Бунин указал на иную сторону этого литературного явления: на его связь с общей разрушительной работою в русской словесности:
«Иногда говорят: стоит ли обращать внимание на эту “рожу”, на это «мессианство», столь небогатое в своей изобретательности, знакомое России и прежде по базарным отхожим местам? Увы, приходится. И тем более приходится, что ведь, повторяю, некоторые пресерьёзно доказывают, что именно из этих мест и воссияет свет, Инония.
Инония эта уже не совсем нова. Обещали её и старшие братья Есениных, их предшественники, которые, при всём своём видимом многообразии, тоже носили на себе печать в сущности единую. Ведь уже давно славили «безумство храбрых» (то есть золоторотцев) и над «каретой прошлого» издевались. Ведь Пушкины были атакованы ещё в 1906 году в газете Ленина «Борьба», когда Горький называл «мещанами» всех величайших русских писателей. Ведь Белый с самого начала большевизма кричит: «Россия, Россия — Мессия!» Ведь блоковские стишки:
Эх, эх, без креста,
Тратата!—
есть тоже «инония», и ведь это именно с Есениным, с «рожами», во главе их, заставил Блок танцевать по пути в Инонию своего «Христосика в белом венчике из роз». Ведь это Блок писал:
Богохульства Есенина распространялись и на обыденность быта. Мариенгоф, сам богохульник не из последних, свидетельствует кичливо о таком случае:
«Чай мы пили из самовара, вскипевшего на Николае-угоднике: не было у нас угля, не было лучины — пришлось нащипать старую икону, что смирнёхонько висела в углу комнаты»33
.А ведь прежде так умилённо писал Есенин о
О кощунственных надписях, которые Есенин с товарищами малевал на стенах московского Страстного монастыря, он сам не без похвальбы рассказывал.

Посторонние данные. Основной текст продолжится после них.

(* Let $\mathsf{Prop}$ be a non-empty finite set of propositions and $\mathsf{L}$ any fragment of $\mathsf{LTL}_P(\mathsf{Prop})$. For every sample $\mathcal{S}=(\mathcal{P},\mathcal{N})$ of Kripke structures in $\mathcal{T}(\mathsf{Prop})$, if there is an $\mathcal{S}$-separating $\mathsf{L}$-formula, then there is one of size at most $2^{n+1}$, where $n:=\sum_{K\in\mathcal{P}\cup\mathcal{N}}|Q_K|$.
   Context: $\mathsf{LTL}$-formulas over $\mathsf{Prop}$ are interpreted on infinite words $w$ over $2^{\mathsf{Prop}}$: $w\models p$ iff $p\in w[0]$; Boolean connectives as usual; $w\models\mathbf{X}\varphi$ iff $w[1:]\models\varphi$; $w\models\mathbf{F}\varphi$ iff $\exists j$, $w[j:]\models\varphi$; $w\models\mathbf{G}\varphi$ iff $\forall j$, $w[j:]\models\varphi$; $w\models\varphi_1\mathbf{U}\varphi_2$ iff $\exists j$, $w[j:]\models\varphi_2$ and $\forall k<j$, $w[k:]\models\varphi_1$. $\mathsf{LTL}_P(\mathsf{Prop})$ is the two-sorted logic (both sorts final) with grammar $\varphi_P::=p\mid\neg\varphi_P\mid\varphi_P\wedge\varphi_P\mid\varphi_P\vee\varphi_P$ and $\varphi::=\varphi_P\mid\varphi\wedge\varphi\mid\varphi_P\vee\varphi\mid\mathbf{X}\varphi\mid\mathbf{G}\varphi\mid\mathbf{F}\varphi_P\mid\varphi\,\mathbf{U}\,\varphi_P$; its formulas are read as $\mathsf{LTL}$-formulas. Its operators are the propositions, the sort-$P$ operators $\neg,\wedge,\vee$, and the general-sort operators $\wedge$, $\vee$ (left argument of sort $P$), $\mathbf{X},\mathbf{G},\mathbf{F}$ (argument of sort $P$), $\mathbf{U}$ (right argument of sort $P$); every sort-$P$ formula may be used where a general-sort formula is expected. A fragment is obtained by allowing only a subset of these operators. $\mathsf{sz}(\varphi)$ is the number of distinct subformulas. $\mathcal{T}(\mathsf{Prop})$: Kripke structures $K=(Q,I,\delta,P,\pi)$ with $Q=Q_K$ finite non-empty, $I\subseteq Q$ non-empty, $\delta:Q\to2^Q$ with $\delta(q)\ne\emptyset$ for all $q$, $P\subseteq\mathsf{Prop}$, $\pi:Q\to2^P$. $\mathsf{Paths}(q)$: infinite $\rho\in q\cdot Q^\omega$ with $\rho[i+1]\in\delta(\rho[i])$, read as the word $\pi(\rho[0])\pi(\rho[1])\cdots$. A state $q$ satisfies $\varphi$ if all $\rho\in\mathsf{Paths}(q)$ satisfy $\varphi$; $K\models\varphi$ if all $q\in I$ satisfy $\varphi$. A sample is a pair of finite sets of such structures; a formula is $\mathcal{S}$-separating if satisfied by all structures in $\mathcal{P}$ and by none in $\mathcal{N}$. *)

From HB Require Import structures.
From mathcomp Require Import all_boot.
From Stdlib Require List.
Set Implicit Arguments.
Unset Strict Implicit.
Unset Printing Implicit Defensive.
(* In the setting described in the context, the following are equivalent: (1) all jumps of the upper ramification filtration of $G=\mathrm{Gal}(F/k(x))$ at $P$ are integers, i.e. $\phi(b_i)\in\mathbb{Z}$ for all $i=1,\dots,h-1$; (2) for every $i=2,\dots,h-1$ the minimal term of $D_i$ has the form $\min D_i=a_i\,x^{\nu_{i,0}}\,\bar f_{i-1}$ for some $a_i\in k^*$ and integer $\nu_{i,0}\ge 0$; that is, writing $\min D_i=a_i x^{\nu_{i,0}}\bar f_1^{\nu_{i,1}}\cdots\bar f_{i-1}^{\nu_{i,i-1}}$, one has $\nu_{i,j}=0$ for $1\le j\le i-2$ and $\nu_{i,i-1}=1$.
   Context: Let $k$ be an algebraically closed field of characteristic $p\ge 5$. Let $\pi:X\to\mathbb{P}^1$ be a Galois cover of curves over $k$ (a Harbater–Katz–Gabber cover) with function field $F\supset k(x)$ and Galois group $G$, such that the only ramified point of $\mathbb{P}^1$ is $P_\infty$ (the pole of $x$), which is totally and wildly ramified, and $G$ is a $p$-group equal to its first ramification group $G_1$ (no tame ramification). Let $P$ be the unique point of $X$ over $P_\infty$ and $v$ the valuation of $F$ at $P$; thus $v(x)=-|G|$. The lower ramification groups at $P$ are $G_i=\{\sigma\in G: v(\sigma(t)-t)\ge i+1\}$ for a uniformizer $t$ at $P$. Let $b_1<b_2<\dots<b_{h-1}$ be the jumps of the lower ramification filtration (integers $i\ge1$ with $G_i\ne G_{i+1}$), so $G=G_{b_1}\gneq G_{b_2}\gneq\cdots\gneq G_{b_{h-1}}\gneq 1$; set $G_{b_h}=1$ and $[G_{b_i}:G_{b_{i+1}}]=p^{n_i}$. Each $b_i$ is prime to $p$. The Herbrand function is $\phi(u)=\int_0^u \frac{dt}{[G_0:G_t]}$ for $u\ge0$, and the upper jumps are the numbers $\phi(b_i)$; explicitly $\phi(b_i)=b_1+\sum_{j=2}^{i}\frac{b_j-b_{j-1}}{p^{n_1+\cdots+n_{j-1}}}$. Let $F_i=F^{G_{b_i}}$, so $F=F_h>F_{h-1}>\cdots>F_1=k(x)$. There are elements $\bar f_i\in F_{i+1}$ ($i=1,\dots,h-1$) with $F_{i+1}=F_i(\bar f_i)$, whose only pole is at $P$, with $v(\bar f_i)=-\bar m_i$ where $\bar m_i=p^{n_{i+1}+\cdots+n_{h-1}}b_i$, and whose minimal polynomial over $F_i$ is $X^{p^{n_i}}+a^{(i)}_{n_i-1}X^{p^{n_i-1}}+\cdots+a^{(i)}_0X-D_i$ with $a^{(i)}_j\in k$ and $D_i\in F_i$. Each $D_i$ has a unique expression as a finite sum $D_i=\sum \gamma^{(i)}_{\ell_0,\dots,\ell_{i-1}}x^{\ell_0}\bar f_1^{\ell_1}\cdots\bar f_{i-1}^{\ell_{i-1}}$ with $\gamma\in k$, $\ell_0\ge0$, $0\le\ell_j<p^{n_j}$; distinct such monomials have distinct valuations $v$. $\min D_i$ denotes the monomial summand (with its nonzero coefficient $a_i\in k^*$) of smallest valuation $v$; it satisfies $v(\min D_i)=v(D_i)=-p^{n_i}\bar m_i$. *)

From HB Require Import structures.
From mathcomp Require Import all_boot all_order all_algebra all_fingroup all_solvable all_field.
Set Implicit Arguments. Unset Strict Implicit. Unset Printing Implicit Defensive.
Import Order.TTheory GRing.Theory Num.Theory.
Local Open Scope ring_scope.
(* Words in the generators and their inverses: (g, true) stands for g^-1.
   Every element of pi_1(M) is represented by such a word. *)
Definition word := seq ('I_4 * bool).

Definition assignment := 'I_4 -> 'M[CC]_2.

Definition eval_word (r : assignment) (w : word) : 'M[CC]_2 :=
  \prod_(x <- w) (if x.2 then (r x.1)^-1 else r x.1).

Definition is_SL2_rep (p : 'I_3 -> nat) (q : 'I_3 -> int) (r : assignment) :=
  [/\ forall g, \det (r g) = 1,
      forall i, r (gc i) * r gh = r gh * r (gc i),
      forall i, r (gc i) ^+ p i * r gh ^ q i = 1
    & r (gc i0) * r (gc i1) * r (gc i2) = 1].

Definition character (r : assignment) : word -> CC :=
  fun w => \tr (eval_word r w).

Definition is_diag_rep (r : assignment) := forall g, is_diag_mx (r g).

Definition abelian_character p q (chi : word -> CC) :=
  exists r, [/\ is_SL2_rep p q r, is_diag_rep r & chi = character r].

Definition exceptional_abelian_character p q (chi : word -> CC) :=
  abelian_character p q chi /\
  exists rho, [/\ is_SL2_rep p q rho, chi = character rho,
                  rho gh = 1 \/ rho gh = -1
                & forall i, rho (gc i) <> 1 /\ rho (gc i) <> -1].

Definition euler_number (p : 'I_3 -> nat) (q : 'I_3 -> int) : rat :=
  \sum_(i < 3) (q i)%:~R / (p i)%:R.

(* H_1(M,Z) = abelianization of pi_1(M) = Z^4 / L, where Z^4 has basis
   (c_1, c_2, c_3, h) and L is spanned by the relators
   p_i c_i + q_i h (i = 1,2,3) and c_1 + c_2 + c_3. *)
Definition in_relation_lattice (p : 'I_3 -> nat) (q : 'I_3 -> int)
    (v : 'I_4 -> int) :=
  exists (a : 'I_3 -> int) (b : int),
    (forall i, v (gc i) = a i * (p i)%:Z + b) /\
    v gh = \sum_(i < 3) a i * q i.

Definition H1_exponent_2 p q :=
  forall v : 'I_4 -> int, in_relation_lattice p q (fun g => 2 * v g).

Definition weakly_coprime (p : 'I_3 -> nat) :=
  exists i : 'I_3, forall j : 'I_3, j != i -> coprime (p i) (p j).

From mathcomp Require Import all_boot all_order all_algebra.
From mathcomp Require Import complex Rstruct.
From mathcomp Require Import ring.
(* For [h = h_{i,s}] not acting on [v] by a scalar, [h v - h_{i,s}(pi) v] lies in
   [ker g] and in [V_mu], hence is a nonzero multiple of [f v0]. *)
Lemma generated_non_lweight_f x : in_generated V v (f *m x).
Proof.
have [i [s [Hs Hnc]]] : exists i s, s != 0 /\ forall c : C, hh V i s *m v != c *: v.
  apply: NNPP => H; apply: Hv_nlw; split => // j t Ht; apply: NNPP => Hc; apply: H.
  by exists j, t; split => // c; apply/eqP => E; apply: Hc; exists c.
set y := hh V i s *m v - hv i s *: v.
have [a Ea] := g_wspace Hv_wt; have [_ _ Hhg _] := Hg i s.
have gy0 : g *m y = 0.
  rewrite /y mulmxBr mulmxA -(Hhg Hs) -mulmxA Ea -!scalemxAr Hv0_hh // Ea.
  by rewrite !scalerA mulrC subrr.
have y_wt : in_wspace d q V mu y.
  apply: in_wspaceB; last exact: in_wspaceZ.
  by move=> j; rewrite mulmxA (kk_hh HVr) // -mulmxA Hv_wt scalemxAr.
have [b Eb] := ker_g_wspace y_wt gy0.
have b_neq0 : b != 0.
  by apply: contra_neq (Hnc (hv i s)) => b0; apply/eqP; rewrite -subr_eq0 -/y Eb b0 scale0r.
move=> S HS Sv; have [_ SD SZ So] := HS.
have Sy : S y.
  apply: SD; first by have [_ _ Sh _ _] := So _ Sv i s; apply: Sh.
  by rewrite -scaleN1r; apply/SZ/SZ.
have Sfv0 : S (f *m v0) by have := SZ b^-1 _ Sy; rewrite Eb scalerA mulVf // scale1r.
exact: (generated_f x v0_neq0 HS Sfv0).
Qed.

Lemma generated_by_non_lweight : generated_by V v.
Proof.
move=> z S HS Sv; have [_ SD _ _] := HS.
have [y [Sy Ey]] : exists y, S y /\ g *m z = g *m y.
  have Sgv : exists y, S y /\ g *m v = g *m y by exists v.
  have [y [Sy ->]] := proj2 HMs _ g_non_lweight_neq0 (g *m z) _ (stable_image Hg HVr HMr HS) Sgv.
  by exists y.
have [x Ex] : exists x, z - y = f *m x by apply: Hex; rewrite mulmxBr Ey subrr.
rewrite -(subrK y z) Ex addrC; apply: SD => //.
exact: (generated_non_lweight_f x HS Sv).
Qed.

End NonLWeight.
End SelfExtension.
End CartanData.

Theorem mainTheorem4 (n : nat) (A : 'M[int]_n) (d : 'I_n -> nat) (q : C)
    (pi : 'I_n -> {poly C}) (p : nat) (M : qlmod n p)
    (m : nat) (V : qlmod n m) (f : 'M[C]_(m, p)) (g : 'M[C]_(p, m)) :
  finite_cartan A d ->
  not_root_of_unity q ->
  drinfeld_poly pi ->
  is_Vpi A d q pi M ->
  self_extension A d q M V f g ->
  (~ trivial_ext M V <->
     exists v : 'cV[C]_m,
       [/\ in_wspace d q V (wt pi) v, hlw_vector d q V v &
           forall w : 'cV[C]_m, in_wspace d q V (wt pi) w -> hlw_vector d q V w ->
             exists c : C, w = c *: v])
  /\ (~ trivial_ext M V ->
      forall v : 'cV[C]_m, v != 0 -> in_wspace d q V (wt pi) v ->
        ~ lweight_vector V v -> generated_by V v).
Proof.
move=> HA Hq _ [[HMr _] HMs [v0 [hv [_ Hv0_wt Hv0 Hv0_hh]]]].
move=> [[HVr _] [Hf [Hg [Hfi [_ [Hgf Hex]]]]]].
split; first split.
- exact: (unique_hlw_of_nontrivial HA Hq HMr HMs Hv0_wt Hv0 HVr Hf Hg Hfi Hgf Hex).
- exact: (nontrivial_of_unique_hlw Hv0_wt Hv0).
(* A trivial extension has no vector as in part 2. *)
- move=> _ v v_neq0 Hv_wt Hv_nlw.
  exact: (generated_by_non_lweight HA Hq HMr HMs Hv0_wt Hv0 Hv0_hh HVr Hf Hg Hfi Hex
                                   v_neq0 Hv_wt Hv_nlw).
Qed.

Те, кто рассуждают о смерти Есенина, пусть не минуют вниманием и эти богохульства и то чаепитие: не нужно тешить себя иллюзиями, будто подобное проходит бесследно и не сказывается в судьбе.
Сам Есенин не без горечи признавался:
Ах! какая смешная потеря!
Много в жизни смешных потерь.
Стыдно мне, что я в Бога верил.
Горько мне, что не верю теперь (2,129).
Мариенгоф, касаясь завершающих строк этого стихотворения 1923 года, писал:
«Вы помните есенинское:
Чтоб за все за грехи мои тяжкие,
За неверие в благодать,
Положили меня в русской рубашке
Под иконами умирать.
А вот это стихотворение для умного Есенина было чистой литературой. Чистейшей! Даже в свою последнюю здешнюю минуту он не вспомнил бога. А все многочисленные Иисусы в есенинских стихах и поэмах, эти богородицы, “скликающие в рай телят”, эти иконы над смертным ложем существовали для него не больше, чем для Пушкина — Аполлоны, Юпитеры и Авроры.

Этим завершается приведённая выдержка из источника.